上面提到的containerRuntime是kubelet的kubecontainer.Runtime类型的属性,而kubecontainer 是"k8s.io/kubernetes/pkg/kubelet/container"这个包的别名,而Runtime是一个接口类型,只要实现了这个接口中的方法的容器运行时都是这个接口的实现。而/pkg/kubelet/kuberuntime/kuberuntime_manager.go中的KubeGenericRuntime接口就包含了kubecontainer.Runtime这个接口,这个文件中的NewKubeGenericRuntimeManager函数就初始化了kubeRuntimeManager来实现了这个接口。
注:这部分抽象程度比较高,在早期的kubelet中是由docker_manager.go等具体的容器运行时来分别实现上面的逻辑的,但在当前版本中可以看到这部分已经高度抽象化了,变成了kuberuntime_manager.go
type KubeGenericRuntime interface {
kubecontainer.Runtime
kubecontainer.StreamingRuntime
kubecontainer.ContainerCommandRunner
}
继续看kuberuntime_manager中的SyncPod方法,这个方法也比较长,它主要通过一系列步骤保证运行着的Pod向预期中的Pod状态进行同步和迁移,当然对于添加Pod这个过程,就变成了从无到有的过程了。主要步骤大概有:
1.计算沙箱(sandbox)和容器的变更,这里沙箱又叫做Infra容器或Pause容器,这个沙箱为其他容器提供共享的网络和文件资源,也是在Pod中第一个启动的容器,可以理解为基础设施容器;
Pod的状态主要包含sandbox容器状态、初始化容器状态、临时容器状态、业务容器状态等几部分,其中computePodActions这个方法又会调用podSandboxChanged这个函数计算是否需要重建沙箱,当且仅当有且只有一个沙箱并且沙箱具有自己的IP并且沙箱的网络命名空间没有改变时才不需要重建,否则都要重建或新建沙箱,在构建过程中会Kill掉Pod中的所有容器。
对于其他容器的变更计算比较复杂,篇幅关系这里不再赘述。
2.如果沙箱发生改变杀死Pod;
3.杀死任意不需要运行的容器;
4.如果有必要的话创建沙箱容器;
5.启动临时容器(ephemeral),临时容器时一种特殊的容器,其启动顺序可以早于初始化容器,一般主要用于交互式的故障排查。
6.启动初始化容器(init);
初始化容器,顾名思义容器启动的时候,会先启动一个或多个容器,如果有多个,那么这几个Init Container按照定义的顺序依次执行,一个执行成功,才能执行下一个,只有所有的Init Container执行完后,主容器才会启动。由于一个Pod里的存储卷是共享的,所以Init Container里产生的数据可以被主容器使用到。
初始化容器的应用场景有:
等待其它模块Ready:比如有一个应用里面有两个容器化的服务,一个是Web Server,另一个是数据库。其中Web Server需要访问数据库。但是当我们启动这个应用的时候,并不能保证数据库服务先启动起来,所以可能出现在一段时间内Web Server连接数据库错误。为了解决这个问题,我们可以在运行Web Server服务的Pod里使用一个InitContainer,去检查数据库是否准备好,直到数据库可以连接,Init Container才结束退出,然后Web Server容器被启动,发起正式的数据库连接请求。
初始化配置:比如集群里检测所有已经存在的成员节点,为主容器准备好集群的配置信息,这样主容器起来后就能用这个配置信息加入集群;目前在容器化,初始化集群配置文件时经常用到;
提供一种阻塞容器启动的方式:必须在initContainer容器启动成功后,才会运行下一个容器,保证了一组条件运行成功的方式;
其它使用场景:将pod注册到一个中央数据库、下载应用依赖等。
7.启动其他业务容器。
/pkg/kubelet/kuberuntime/kuberuntime_manager.go
// SyncPod syncs the running pod into the desired pod by executing following steps:
//
// 1. Compute sandbox and container changes.

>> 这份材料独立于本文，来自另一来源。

(* Let $X$ be a collectionwise normal space with $\operatorname{ind} X=0$, and let $A$ be a discrete subset of $X$. Then there exists a pairwise disjoint family $\{V_a : a\in A\}$ of clopen subsets of $X$ such that $a\in V_a$ for each $a\in A$ and the set $X\setminus\bigcup_{a\in A}V_a$ is clopen.
   Context: A space $X$ is collectionwise normal if it is $T_1$ and for every discrete family $\{F_s\}_{s\in S}$ of closed subsets of $X$ there is a discrete family $\{V_s\}_{s\in S}$ of open sets with $F_s\subseteq V_s$ for all $s$. A family of subsets is discrete if each point has a neighbourhood meeting at most one member; a subset $D$ is discrete if the family of its singletons is discrete. $\operatorname{ind}$ denotes the small inductive dimension. *)

From HB Require Import structures.
From mathcomp Require Import all_boot all_order all_algebra.
From mathcomp Require Import all_classical all_reals all_analysis.
Set Implicit Arguments. Unset Strict Implicit. Unset Printing Implicit Defensive.
Local Open Scope classical_set_scope.

Definition discrete_family {T : topologicalType} {S : Type} (F : S -> set T) :=
  forall x : T, exists U : set T, nbhs x U /\
    forall s t : S, F s `&` U !=set0 -> F t `&` U !=set0 -> s = t.

Definition discrete_subset {T : topologicalType} (D : set T) :=
  discrete_family (fun d : {x : T | D x} => [set proj1_sig d]).

Definition collectionwise_normal (T : topologicalType) :=
  @accessible_space T /\
  forall (S : Type) (F : S -> set T),
    (forall s, closed (F s)) -> discrete_family F ->
    exists V : S -> set T,
      (forall s, open (V s)) /\ discrete_family V /\ (forall s, F s `<=` V s).

(* ind X = 0 : X is nonempty (ind of the empty space is -1) and every point has
   arbitrarily small open neighbourhoods with empty boundary, i.e. clopen ones. *)
Definition ind_zero (T : topologicalType) :=
  (exists x : T, True) /\
  forall (x : T) (U : set T), open U -> U x ->
    exists V : set T, clopen V /\ V x /\ V `<=` U.

From HB Require Import structures.
From mathcomp Require Import all_boot all_order all_algebra.
From mathcomp Require Import all_classical all_reals all_analysis.
Set Implicit Arguments. Unset Strict Implicit.
Local Open Scope classical_set_scope.

(* Collectionwise normality separates the points of A by a discrete family of
   open sets; since ind X = 0 each of these shrinks to a clopen neighbourhood
   of its point, and the shrunken family is still discrete.  The members of a
   discrete family are pairwise disjoint, and the union of a discrete family of
   closed sets is closed, so the union of the clopen family is clopen. *)

Section DiscreteFamily.
Variables (X : topologicalType) (S : Type).
Implicit Types F G : S -> set X.

Lemma discrete_family_sub F G :
  (forall s, F s `<=` G s) -> discrete_family G -> discrete_family F.
Proof.
move=> FG Gd x; have [U [Ux GU]] := Gd x; exists U; split => // s t.
by move=> [y [Fy Uy]] [z [Fz Uz]]; apply: GU; [exists y | exists z];
  split => //; apply: FG.
Qed.

Lemma discrete_family_disjoint F s t :
  discrete_family F -> s <> t -> F s `&` F t = set0.
Proof.
move=> Fd st; apply/seteqP; split => // x [Fsx Ftx].
have [U [Ux FU]] := Fd x.
have meetU P : P x -> P `&` U !=set0 by exists x; split => //; exact: nbhs_singleton.
exact/st/FU/meetU/Ftx/meetU.
Qed.

Lemma discrete_family_bigcup_closed F :
  (forall s, closed (F s)) -> discrete_family F -> closed (\bigcup_(s in setT) F s).
Proof.
move=> Fc Fd x clx; apply: contrapT => nFx.
have [U [Ux FU]] := Fd x.
have [y [[s _ Fsy] Uy]] := clx U Ux.
have nbhs_notFs : nbhs x (U `&` ~` F s).
  apply: filterI => //; apply: open_nbhs_nbhs; split; first by rewrite openC.
  by move=> Fsx; apply: nFx; exists s.
have [z [[t _ Ftz] [Uz nFsz]]] := clx _ nbhs_notFs.
have ts : t = s by apply: FU; [exists z | exists y].
by rewrite ts in Ftz.
Qed.

Lemma discrete_family_bigcup_clopen F :
  (forall s, clopen (F s)) -> discrete_family F -> clopen (\bigcup_(s in setT) F s).
Proof.
move=> Fc Fd; split; first by apply: bigcup_open => s _; exact: (Fc s).1.
by apply: discrete_family_bigcup_closed => // s; exact: (Fc s).2.
Qed.

End DiscreteFamily.

Lemma ind_zero_clopen_shrink (X : topologicalType) (S : Type)
    (p : S -> X) (V : S -> set X) :
  ind_zero X -> (forall s, open (V s)) -> (forall s, V s (p s)) ->
  exists W : S -> set X,
    [/\ forall s, clopen (W s), forall s, W s (p s) & forall s, W s `<=` V s].
Proof.
move=> [_ ind] Vo Vp.
have /choice[W HW] : forall s, exists W, clopen W /\ W (p s) /\ W `<=` V s.
  by move=> s; apply: ind.
by exists W; split => s; have [? [? ?]] := HW s.
Qed.

Lemma discrete_subset_open_separation (X : topologicalType) (A : set X) :
  collectionwise_normal X -> discrete_subset A ->
  exists V : {x : X | A x} -> set X,
    [/\ forall s, open (V s), discrete_family V & forall s, V s (proj1_sig s)].
Proof.
move=> [acc cwn] dA.
have [V [Vo [Vd Vsub]]] := cwn _ (fun s : {x : X | A x} => [set proj1_sig s])
  (fun s => @accessible_closed_set1 X acc (proj1_sig s)) dA.
by exists V; split => // s; apply: Vsub.
Qed.

Lemma discrete_subset_clopen_separation (X : topologicalType) (A : set X) :
  collectionwise_normal X -> ind_zero X -> discrete_subset A ->
  exists W : {x : X | A x} -> set X,
    [/\ forall s, clopen (W s), discrete_family W & forall s, W s (proj1_sig s)].
Proof.
move=> cwnX indX dA.
have [V [Vo Vd Vp]] := discrete_subset_open_separation cwnX dA.
have [W [Wc Wp WV]] := ind_zero_clopen_shrink indX Vo Vp.
by exists W; split => //; exact: discrete_family_sub WV Vd.
Qed.

Section ExtendSig.
Variables (T U : Type) (A : set T) (W : {x : T | A x} -> set U).

(* Off A the extension is the junk value set0. *)
Definition extend_sig (x : T) : set U :=
  if pselect (A x) is left h then W (exist _ x h) else set0.

Lemma extend_sigE a (h : A a) : extend_sig a = W (exist _ a h).
Proof.
by rewrite /extend_sig; case: pselect => // h'; rewrite (Prop_irrelevance h h').
Qed.

Lemma bigcup_extend_sig :
  \bigcup_(a in A) extend_sig a = \bigcup_(s in setT) W s.
Proof.
apply/seteqP; split => x.
  by move=> [a Aa]; rewrite (extend_sigE Aa) => ?; exists (exist _ a Aa).
by move=> [[a Aa] _ ?]; exists a => //; rewrite (extend_sigE Aa).
Qed.

End ExtendSig.

Theorem mainTheorem4 (X : topologicalType) (A : set X) :
  collectionwise_normal X -> ind_zero X -> discrete_subset A ->
  exists V : X -> set X,
    (forall a, A a -> clopen (V a) /\ V a a) /\
    (forall a b, A a -> A b -> a <> b -> V a `&` V b = set0) /\
    clopen (~` (\bigcup_(a in A) V a)).
Proof.
move=> cwnX indX dA.
have [W [Wc Wd Wp]] := discrete_subset_clopen_separation cwnX indX dA.
exists (extend_sig W); split; [|split].
- move=> a Aa; rewrite (extend_sigE W Aa).
  by split; [exact: Wc | exact: (Wp (exist _ a Aa))].
- move=> a b Aa Ab ab; rewrite (extend_sigE W Aa) (extend_sigE W Ab).
  by apply: discrete_family_disjoint => // -[].
- have [Wo Wcl] := discrete_family_bigcup_clopen Wc Wd.
  by rewrite bigcup_extend_sig; split; [rewrite openC | rewrite closedC].
Qed.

// 2. Kill pod sandbox if necessary.
// 3. Kill any containers that should not be running.
// 4. Create sandbox if necessary.
// 5. Create ephemeral containers.
// 6. Create init containers.
// 7. Create normal containers.
func (m *kubeGenericRuntimeManager) SyncPod(pod *v1.Pod, podStatus *kubecontainer.PodStatus, pullSecrets []v1.Secret, backOff *flowcontrol.Backoff) (result kubecontainer.PodSyncResult) {
// Step 1: Compute sandbox and container changes.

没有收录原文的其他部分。